What it did not say was that Meena, and her investor husband K. Ganesh, are masters of scaling up businesses as well as successfully exiting them. Meena Ganesh sold her first start-up, BPO company CustomerAsset, to ICICI. She also co-promoted TutorVista, which was acquired by global education services company Pearson for $213 million in one of the largest deals in the Indian education sector. As the CEO of Portea Medical, her latest start-up, she has again scaled up an idea few thought could work - medical services at home, everything from physiotherapy and nursing to elder and new born care. The idea came around 2013 when Ganesh realised there was a "whitespace" outside of hospital care."I had experienced this with my parents' health. In the hospital, they were well cared for, but once you brought them home, you had to run from pillar to post to get anything," she says.

"That made me think. Chronic diseases in India are on a rise and that requires management. So does post-operative care." She began by "rolling in" a small unfunded start-up, founded by two Americans.Portea, says Ganesh, has grown revenues nearly 150 per cent in the last one year. It is clocking 120,000 customer visits a month and employs 5,000 people, including physiotherapists, doctors, nurses and technicians. The company's services are available in 18 Indian cities. It has raised nearly $47 million venture capital from two rounds.Ganesh, over the last one year, has acquired three companies and integrated them into Portea, adding new capabilities. For instance, in 2016, Portea acquired Health Mantra, which makes renting (and buying) of medical equipment easy.

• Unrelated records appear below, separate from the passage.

(* Ann M is outside F by torsion-freeness; if a prime q outside F contained
   r outside Ann M, the F-dense submodule R r x would force q into F. *)
Lemma sFtf_Ann_Fstar : Fstar F (Ann M).
Proof.
have pm := sFtf_prime; split; first exact: prime_module_Ann_prime.
  by move=> FA; case: nz => x; apply; apply: (tf FA).
move=> q [qi _ _] nFq Aq r qr; apply: NNPP => nAr; case: nz => x nx.
have hUn : exists u, span1 (r *: x) u /\ u <> 0.
  exists (r *: x); split; first exact: span1_self.
  by move=> rx0; apply: nx; apply: (prime_module_inj pm nAr); rewrite /= rx0 scaler0.
apply: nFq; apply: (gabriel_up gF (dense_submodule x (span1_submodule _) hUn)) => // t [s hs].
have Ats : Ann M (t - s * r).
  by apply: (prime_module_Ann pm nx); rewrite scalerBl hs scalerA subrr.
by rewrite -(subrK (s * r) t); apply: (idealD qi); [apply: Aq | apply: idealM].
Qed.

End SimpleTorsionFree.

(* (ii) => (i): for a nonzero submodule U and x outside U, uniformity gives
   s x in U, nonzero, so s is outside Ann M and (U : x) strictly contains
   Ann M; hence (U : x) is in F and x lies in U if M / U is F-torsion-free. *)
Lemma prime_uniform_sFtf F :
  gabriel_topology F -> noetherian R ->
  [/\ prime_module M, uniform_module M & Fstar F (Ann M)] -> simple_F_torsion_free M F.
Proof.
move=> gF noe [pm um hA]; have [_ nFA _] := hA.
split; [by case: pm | exact: prime_F_torsion_free |].
move=> U hU hUn [x nUx] qtf.
have nx : x <> 0 by move=> x0; apply: nUx; rewrite x0; case: hU.
have [s [Usx nsx]] := uniform_meet_span1 um hU hUn nx.
apply: nUx; apply: (qtf (conductor U x)) => //; apply: (Fstar_above gF noe hA (conductor_ideal x hU) _ Usx).
- by move=> t At; rewrite /conductor (At x); case: hU.
- by move=> As; apply: nsx; rewrite As.
Qed.

Section KappaEmbedding.
Hypotheses (pm : prime_module M) (um : uniform_module M).
Variable x0 : M.
Hypothesis nx0 : x0 <> 0.

(* u = (a, s) represents y as the fraction (a / s) x0: a x0 = s y with s
   outside Ann M. *)
Definition frac_rep y (u : R * R) : Prop := ~ Ann M u.2 /\ u.1 *: x0 = u.2 *: y.

Let Ann_mul u v : ~ Ann M u -> ~ Ann M v -> ~ Ann M (u * v).
Proof. by have [_ _ Ap] := prime_module_Ann_prime pm; move=> nu nv /Ap []. Qed.

Let frac_mul a s y t : a *: x0 = s *: y -> (a * t) *: x0 = (s * t) *: y.
Proof. by move=> e; rewrite -!scalerA scaleC e scaleC. Qed.

Lemma frac_rep_exists y : exists u, frac_rep y u.
Proof.
case: (classic (y = 0)) => [->|ny].
  by exists (0, 1); split=> /=; [move/(_ x0); rewrite scale1r | rewrite scale0r scaler0].
have [b [[a ea] nby]] := uniform_meet_span1 um (span1_submodule x0)
  (ex_intro _ x0 (conj (span1_self x0) nx0)) ny.
by exists (a, b); split=> /=; [move=> Ab; apply: nby; rewrite Ab | rewrite -ea].
Qed.

Lemma frac_rep_eq y y' u v : frac_rep y u -> frac_rep y' v ->
  (kappa_eq (Ann M) u v <-> y = y').
Proof.
case: u v => [a s] [b t] [/= ns ea] [/= nt eb]; rewrite /kappa_eq /=.
have E : (a * t - b * s) *: x0 = (s * t) *: (y - y').
  by rewrite scalerBl (frac_mul t ea) (frac_mul s eb) scalerBr [t * s]mulrC.
split=> [Aat|yy]; last by apply: (prime_module_Ann pm nx0); rewrite E yy subrr scaler0.
apply/eqP; rewrite -subr_eq0; apply/eqP.
by apply: (prime_module_inj pm (Ann_mul ns nt)); rewrite /= -E (Aat x0) scaler0.
Qed.

Lemma frac_rep_add y z u v : frac_rep y u -> frac_rep z v -> frac_rep (y + z) (kappa_add u v).
Proof.
case: u v => [a s] [b t] [/= ns ea] [/= nt eb]; split=> /=; first exact: Ann_mul.
by rewrite scalerDl scalerDr (frac_mul t ea) (frac_mul s eb) [t * s]mulrC.
Qed.

Lemma frac_rep_scale r y u : frac_rep y u -> frac_rep (r *: y) (kappa_scale r u).
Proof. by case: u => [a s] [/= ns ea]; split=> //=; rewrite -scalerA ea scaleC. Qed.

Lemma kappa_embedding : exists f : M -> R * R, kappa_mono (Ann M) f.
Proof.
pose f y := proj1_sig (constructive_indefinite_description _ (frac_rep_exists y)).
have fP y : frac_rep y (f y) :=
  proj2_sig (constructive_indefinite_description _ (frac_rep_exists y)).
exists f; split.
- by move=> y; case: (fP y).
- by move=> y z; apply/(frac_rep_eq (fP _) (frac_rep_add (fP y) (fP z))).
- by move=> r y; apply/(frac_rep_eq (fP _) (frac_rep_scale r (fP y))).
- by move=> y z /(frac_rep_eq (fP y) (fP z)).
Qed.

End KappaEmbedding.

Section FromKappa.
Variables (p : R -> Prop) (f : M -> R * R).
Hypotheses (pprime : is_prime_ideal p) (fmono : kappa_mono p f).

Let pi : is_ideal p. Proof. by case: pprime. Qed.
Let pp a b : p (a * b) -> p a \/ p b. Proof. by case: pprime => _ _; apply. Qed.
Let fden x : ~ p (f x).2. Proof. by case: fmono. Qed.
Let fadd x y : kappa_eq p (f (x + y)) (kappa_add (f x) (f y)). Proof. by case: fmono. Qed.
Let fscale r x : kappa_eq p (f (r *: x)) (kappa_scale r (f x)). Proof. by case: fmono. Qed.
Let finj x y : kappa_eq p (f x) (f y) -> x = y. Proof. by case: fmono => _ _ _; apply. Qed.
Arguments fden x : clear implicits.
Arguments fadd x y : clear implicits.
Arguments fscale r x : clear implicits.

(* f 0 = 0 in kappa(p), because f 0 = f 0 + f 0. *)
Lemma kappa_mono_zero : p (f 0).1.
Proof.
move: (fden 0) (fadd 0 0); rewrite addr0; case: (f 0) => c s /=.
rewrite /kappa_eq /kappa_add /= => ns h.
have : p ((- (c * s)) * s).
  by have -> : (- (c * s)) * s = c * (s * s) - (c * s + c * s) * s by ring.
by case/pp => [/(idealN pi)|//]; rewrite opprK; case/pp.
Qed.

Lemma kappa_mono_kernel x : p (f x).1 <-> x = 0.
Proof.
split=> [px|->]; last exact: kappa_mono_zero.
apply: finj; move: px (fden x) kappa_mono_zero.
case: (f x) (f 0) => a s [c w]; rewrite /kappa_eq /= => pa _ pc.
by apply: (idealD pi); [apply: (idealMr pi) | apply: (idealN pi); apply: (idealMr pi)].
Qed.

Lemma kappa_mono_ann r x : p r -> r *: x = 0.
Proof.
move=> pr; apply/kappa_mono_kernel; move: (fscale r x) (fden (r *: x)) (fden x).
case: (f (r *: x)) (f x) => a s [b t]; rewrite /kappa_eq /kappa_scale /= => h _ nt.
have : p (a * t).
  have -> : a * t = (a * t - r * b * s) + r * (b * s) by ring.
  by apply: (idealD pi) => //; apply: idealMr.
by case/pp.
Qed.
(* Let $0<\varepsilon<1$ be arbitrary and let $n$ be a sufficiently large positive integer. Let $d=4\log n$, $m=n^2 2^d$, and sample $\mathcal{F}\sim\mathcal{F}(m,n,d)$. Then with high probability, every set $S$ of clauses of $\mathcal{F}$ of size $s\le n/(e d^2)$ satisfies $|\mathrm{vars}(S)|\ge(1-\varepsilon)ds$.
   Context: $\log$ is base 2. $\mathcal{F}(m,n,d)$: random $d$-CNF on $n$ variables with $m$ clauses sampled independently and uniformly with replacement from the $\binom{n}{d}2^d$ clauses on $d$ distinct variables. For a set $S$ of clauses, $\mathrm{vars}(S)$ is the set of variables appearing in some clause of $S$. ''With high probability'' means with probability tending to $1$ as $n\to\infty$. *)

From Stdlib Require Import Reals ClassicalEpsilon.
From mathcomp Require Import all_boot.
Set Implicit Arguments. Unset Strict Implicit. Unset Printing Implicit Defensive.

Definition lit (n : nat) := ('I_n * bool)%type.

(* A d-clause on d distinct variables: a set of d literals, no variable twice
   (so there are exactly 'C(n,d) * 2^d of them). *)
Definition is_clause (n d : nat) (C : {set lit n}) : bool :=
  (#|C| == d) &&
  [forall x : 'I_n, ~~ (((x, true) \in C) && ((x, false) \in C))].

(* A formula with m clauses sampled independently with replacement is an
   m-indexed family of clauses; the sample space of F(m,n,d), with the uniform
   distribution, is the set of all such families. *)
Definition formulas (m n d : nat) : {set {ffun 'I_m -> {set lit n}}} :=
  [set F : {ffun 'I_m -> {set lit n}} | [forall i, is_clause d (F i)]].

Definition vars (m n : nat) (F : {ffun 'I_m -> {set lit n}}) (S : {set 'I_m})
  : {set 'I_n} := [set l.1 | l in \bigcup_(i in S) F i].

(* d = 4 log2 n, rounded down: floor(log2 (n^4)) *)
Definition dd (n : nat) : nat := trunc_log 2 (n ^ 4).
Definition mm (n : nat) : nat := n ^ 2 * 2 ^ dd n.

Definition expanding (eps : R) (m n d : nat) (F : {ffun 'I_m -> {set lit n}}) : Prop :=
  forall S : {set 'I_m},
    Rle (INR #|S|) (Rdiv (INR n) (Rmult (exp 1) (pow (INR d) 2))) ->
    Rle (Rmult (Rmult (Rminus 1 eps) (INR d)) (INR #|S|)) (INR #|vars F S|).

Definition pb (P : Prop) : bool :=
  if excluded_middle_informative P then true else false.

Definition prob_expanding (eps : R) (m n d : nat) : R :=
  Rdiv (INR #|[set F in formulas m n d | pb (expanding eps d F) ]|)
       (INR #|formulas m n d|).

From Stdlib Require Import Reals Lra Lia Classical ClassicalEpsilon.
From mathcomp Require Import all_boot zify.

Set Implicit Arguments.
Unset Strict Implicit.
Unset Printing Implicit Defensive.

(* [all_boot] binds the key %R to its ring scope; give it back to Stdlib's reals. *)
Delimit Scope R_scope with R.

(* First-moment method. If F is not expanding, some set S of s clauses spans a
   set V of v < (1 - eps) d s variables, so every clause indexed by S lives on V;
   for fixed (S, V) this has probability at most (C(2v, d) / C(n, d))^s <= (4v/n)^(ds).
   Summing over the C(m, s) C(n, v) choices of (S, V) and using
   C(n, v) (v/n)^v <= e^v and v/n <= 1/d, each pair of sizes (s, v) contributes
   at most x^s <= x, where x = m (4 e d^-eps)^d. Since (m + 1)(n + 1) m <= 18 32^d,
   the failure probability is at most 18 (128 e d^-eps)^d, which vanishes as
   d = floor(4 log n) grows. *)

Lemma pbP (P : Prop) : reflect P (pb P).
Proof. by rewrite /pb; case: excluded_middle_informative => h; constructor. Qed.

Lemma INR_muln a b : INR (a * b) = (INR a * INR b)%R.
Proof. by rewrite mulnE mult_INR. Qed.

Lemma INR_expn a k : INR (a ^ k) = (INR a ^ k)%R.
Proof. by elim: k => [|k IH]; rewrite ?expn0 // expnS INR_muln IH. Qed.

Lemma INR_subn a b : b <= a -> INR (a - b) = (INR a - INR b)%R.
Proof. by move=> /leP ba; rewrite subnE minus_INR. Qed.

Lemma le_INRn a b : a <= b -> (INR a <= INR b)%R.
Proof. by move=> /leP; apply: le_INR. Qed.

Lemma leq_expn2r a b k : a <= b -> a ^ k <= b ^ k.
Proof. by case: k => [|k] ab; rewrite ?expn0 ?leq_exp2r. Qed.

Lemma ffact_le_expn a k : a ^_ k <= a ^ k.
Proof.
rewrite ffact_prod; apply: (@leq_trans (\prod_(i < k) a)).
  by apply: leq_prod => i _; apply: leq_subr.
by rewrite prod_nat_const card_ord.
Qed.

Lemma expn_subn_le_ffact a k : (a - k) ^ k <= a ^_ k.
Proof.
rewrite ffact_prod; apply: (@leq_trans (\prod_(i < k) (a - k))).
  by rewrite prod_nat_const card_ord.
by apply: leq_prod => i _; have := ltn_ord i; lia.
Qed.

Lemma bin_fact_le_expn a k : 'C(a, k) * k`! <= a ^ k.
Proof. by rewrite bin_ffact ffact_le_expn. Qed.

Lemma bin_le_expn a k : 'C(a, k) <= a ^ k.
Proof. exact: leq_trans (leq_pmulr _ (fact_gt0 k)) (bin_fact_le_expn a k). Qed.

Lemma bin_double_mul_le a v d : 2 * d <= a ->
  'C(2 * v, d) * a ^ d <= 'C(a, d) * (4 * v) ^ d.
Proof.
move=> d_le; rewrite -(leq_pmul2r (fact_gt0 d)).
rewrite mulnAC [X in _ <= X]mulnAC !bin_ffact.
apply: leq_trans (leq_mul (ffact_le_expn _ _) (leqnn _)) _.
apply: (@leq_trans ((2 * v) ^ d * (2 * (a - d)) ^ d)).
  by rewrite leq_mul2l leq_expn2r ?orbT //; lia.
rewrite -expnMn [X in _ <= X]mulnC (_ : 2 * v * (2 * (a - d)) = 4 * v * (a - d)); last lia.
by rewrite expnMn leq_mul2l expn_subn_le_ffact orbT.
Qed.

Lemma card_ffun_family (aT rT : finType) (G : aT -> {set rT}) :
  #|[set f : {ffun aT -> rT} | [forall x, f x \in G x]]| = \prod_x #|G x|.
Proof.
have -> : #|[set f : {ffun aT -> rT} | [forall x, f x \in G x]]| =
          #|(family (fun x => mem (G x)) : simpl_pred _)|.
  by apply: eq_card => f; rewrite inE; apply/forallP/familyP.
by rewrite card_family foldrE big_map big_enum.
Qed.

Lemma sum_draws_const (T : finType) k c :
  \sum_(A : {set T} | #|A| == k) c = 'C(#|T|, k) * c.
Proof. by rewrite -card_draws -sum_nat_const; apply: eq_bigl => A; rewrite inE. Qed.

Lemma card_bigcup_le (T I : finType) (P : pred I) (F : I -> {set T}) :
  #|\bigcup_(i | P i) F i| <= \sum_(i | P i) #|F i|.
Proof.
apply: (big_ind2 (fun (A : {set T}) k => #|A| <= k)) => [|A a B b le_A le_B|//].
  by rewrite cards0.
exact: leq_trans (leq_card_setU A B).1 (leq_add le_A le_B).
Qed.

Lemma INR_sum_le_card (I : finType) (P : pred I) (f : I -> nat) (c : R) :
  (0 <= c)%R -> (forall i, P i -> INR (f i) <= c)%R ->
  (INR (\sum_(i | P i) f i) <= INR #|I| * c)%R.
Proof.
move=> c_ge0 f_le; apply: (Rle_trans _ (INR (\sum_(i | P i) 1) * c)).
  apply: (big_ind2 (fun a b => INR a <= INR b * c)%R) => [|a a' b b' le_a le_b|i /f_le].
  - by rewrite Rmult_0_l; right.
  - by rewrite !addnE !plus_INR; lra.
  - by rewrite Rmult_1_l.
apply: Rmult_le_compat_r => //; apply: le_INRn.
by rewrite sum1_card max_card.
Qed.

Lemma succ_pow_le_exp v : (INR v.+1 ^ v <= INR v ^ v * exp 1)%R.
Proof.
case: v => [|v]; first by rewrite /=; have := exp_ineq1_le 1; lra.
have v_gt0 : (0 < INR v.+1)%R by apply: lt_0_INR; lia.
have -> : INR v.+2 = (INR v.+1 * (1 + / INR v.+1))%R by rewrite S_INR; field; lra.
rewrite Rpow_mult_distr; apply: Rmult_le_compat_l; first by apply: pow_le; lra.
have <- : (exp (/ INR v.+1) ^ v.+1 = exp 1)%R.
  rewrite -Rpower_pow; last exact: exp_pos.
  by rewrite /Rpower ln_exp; congr exp; field; lra.
apply: pow_incr; split; last exact: exp_ineq1_le.
by have := Rinv_0_lt_compat _ v_gt0; lra.
Qed.

Lemma pow_le_fact_exp v : (INR v ^ v <= INR v`! * exp 1 ^ v)%R.
Proof.
elim: v => [|v IH]; first by rewrite /=; lra.
rewrite factS INR_muln.
have -> : (INR v.+1 ^ v.+1 = INR v.+1 * INR v.+1 ^ v)%R by [].
have -> : (exp 1 ^ v.+1 = exp 1 ^ v * exp 1)%R by rewrite /=; ring.
rewrite Rmult_assoc; apply: Rmult_le_compat_l; first exact: pos_INR.
apply: Rle_trans (succ_pow_le_exp v) _; rewrite -Rmult_assoc.
by apply: Rmult_le_compat_r => //; apply: Rlt_le; apply: exp_pos.
Qed.

Lemma bin_mul_ratio_le_exp n v : 0 < n ->
  (INR 'C(n, v) * (INR v / INR n) ^ v <= exp 1 ^ v)%R.
Proof.
move=> n_gt0; have nR_gt0 : (0 < INR n ^ v)%R by apply: pow_lt; apply: lt_0_INR; lia.
rewrite /Rdiv Rpow_mult_distr pow_inv -Rmult_assoc.
apply: (Rmult_le_reg_r (INR n ^ v)) => //.
rewrite Rmult_assoc Rinv_l ?Rmult_1_r; last lra.
have binR : (INR 'C(n, v) * INR v`! <= INR n ^ v)%R.
  by rewrite -INR_muln -INR_expn; apply: le_INRn; apply: bin_fact_le_expn.
have := pow_le_fact_exp v; have := pos_INR 'C(n, v); have := pow_lt _ v (exp_pos 1).
nra.
Qed.

Lemma pow_le_self (x : R) s : (0 <= x <= 1)%R -> 0 < s -> (x ^ s <= x)%R.
Proof.
case: s => // s x_bounds _; rewrite -[X in (_ <= X)%R]Rmult_1_r.
apply: Rmult_le_compat_l; first lra.
by apply: (Rle_trans _ (1 ^ s)); [apply: pow_incr; lra | rewrite pow1; lra].
Qed.

Lemma pow_le_Rpower_opp (q D a : R) k : (0 <= q)%R -> (1 <= D)%R ->
  (q * D <= 1)%R -> (a <= INR k)%R -> (q ^ k <= Rpower D (- a))%R.
Proof.
move=> q_ge0 D_ge1 qD_le1 a_le_k.
apply: (Rle_trans _ ((/ D) ^ k)).
  apply: pow_incr; split => //; apply: (Rmult_le_reg_r D); first lra.
  by rewrite Rinv_l; lra.
rewrite pow_inv -Rpower_pow -?Rpower_Ropp; last lra.
by apply: Rle_Rpower => //; lra.
Qed.

Section Counting.
Variables n d : nat.

Definition clauses : {set {set lit n}} := [set C | is_clause d C].
Definition clause_vars (C : {set lit n}) : {set 'I_n} := [set l.1 | l in C].
Definition clauses_within (V : {set 'I_n}) : {set {set lit n}} :=
  [set C in clauses | clause_vars C \subset V].
Definition confined m (S : {set 'I_m}) (V : {set 'I_n}) :
    {set {ffun 'I_m -> {set lit n}}} :=
  [set F in formulas m n d | vars F S \subset V].

Lemma card_formulas m : #|formulas m n d| = #|clauses| ^ m.
Proof.
rewrite -[m in RHS]card_ord -prod_nat_const -card_ffun_family.
by apply: eq_card => F; rewrite !inE; apply: eq_forallb => i; rewrite inE.
Qed.

Lemma vars_subsetE m (F : {ffun 'I_m -> {set lit n}}) (S : {set 'I_m}) (V : {set 'I_n}) :
  (vars F S \subset V) = [forall (i | i \in S), clause_vars (F i) \subset V].
Proof.
apply/subsetP/forall_inP => [sub i iS | sub _ /imsetP[l /bigcupP[i iS li] ->]].
  apply/subsetP => _ /imsetP[l li ->]; apply: sub.
  by apply/imsetP; exists l => //; apply/bigcupP; exists i.
by apply: (subsetP (sub i iS)); apply/imsetP; exists l.
Qed.

Lemma card_confined m (S : {set 'I_m}) (V : {set 'I_n}) :
  #|confined S V| = #|clauses_within V| ^ #|S| * #|clauses| ^ #|~: S|.
Proof.
pose G (i : 'I_m) := if i \in S then clauses_within V else clauses.
have -> : confined S V = [set F : {ffun 'I_m -> {set lit n}} | [forall i, F i \in G i]].
  apply/setP => F; rewrite !inE vars_subsetE.
  apply/andP/forallP => [[/forallP clF /forall_inP sub] i | GF].
    by rewrite /G; case: ifP => iS; rewrite !inE clF ?sub.
  split; first by apply/forallP => i; have := GF i; rewrite /G; case: ifP; rewrite !inE => // _ /andP[].
  by apply/forall_inP => i iS; have := GF i; rewrite /G iS !inE => /andP[].
rewrite card_ffun_family (bigID [in S]) /=.
rewrite (eq_bigr (fun=> #|clauses_within V|)) => [|i]; last by rewrite /G => ->.
rewrite [X in _ * X](eq_bigr (fun=> #|clauses|)) => [|i]; last by rewrite /G => /negbTE ->.
by rewrite !prod_nat_const; congr (_ * _ ^ _); apply: eq_card => i; rewrite inE.
Qed.

Lemma card_clauses_within_le V : #|clauses_within V| <= 'C(2 * #|V|, d).
Proof.
rewrite (_ : 2 * #|V| = #|setX V [set: bool]|); last by rewrite cardsX cardsT card_bool mulnC.
rewrite -cards_draws; apply: subset_leq_card; apply/subsetP => C.
rewrite !inE /is_clause => /andP[/andP[/eqP-> _] sub]; rewrite eqxx andbT.
apply/subsetP => l lC; rewrite !inE andbT; apply: (subsetP sub).
by apply/imsetP; exists l.
Qed.

Lemma bin_le_card_clauses : 'C(n, d) <= #|clauses|.
Proof.
pose positive (X : {set 'I_n}) : {set lit n} := setX X [set true].
have positive_inj : injective positive.
  move=> X Y /setP XY; apply/setP => x.
  by have := XY (x, true); rewrite !inE /= !andbT.
rewrite -[n in 'C(n, _)]card_ord -card_draws -(card_imset _ positive_inj).
apply: subset_leq_card; apply/subsetP => C /imsetP[X]; rewrite inE => /eqP cardX ->.
rewrite inE /is_clause cardsX cards1 muln1 cardX eqxx /=.
by apply/forallP => x; rewrite !inE /= !andbF.
Qed.

Lemma card_confined_le m (S : {set 'I_m}) V : 2 * d <= n ->
  #|confined S V| * n ^ (d * #|S|) <= #|formulas m n d| * (4 * #|V|) ^ (d * #|S|).
Proof.
move=> d_le_n.
have per_clause : #|clauses_within V| * n ^ d <= #|clauses| * (4 * #|V|) ^ d.
  apply: leq_trans (leq_mul (card_clauses_within_le V) (leqnn _)) _.
  apply: leq_trans (bin_double_mul_le #|V| d_le_n) _.
  by rewrite leq_mul2r bin_le_card_clauses orbT.
rewrite card_confined card_formulas.
rewrite [#|clauses| ^ m](_ : _ = #|clauses| ^ #|S| * #|clauses| ^ #|~: S|); last first.
  by rewrite -expnD cardsC card_ord.
rewrite !expnM mulnAC -expnMn [X in _ <= X]mulnAC -expnMn.
by rewrite leq_mul2r leq_expn2r ?orbT.
Qed.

"We realised patients needed a lot of medical equipment. Renting or buying is challenging as local pharmacies don't keep them and you have to go to specialised surgical shops. Why would you want to buy a five-function fowler bed permanently? You want it for the time the person is sick," Ganesh says. "Now, we can set up an ICU at home with all monitoring devices as well as provide a nurse. We offer solutions to customers rather than just a part - that's how our business has changed."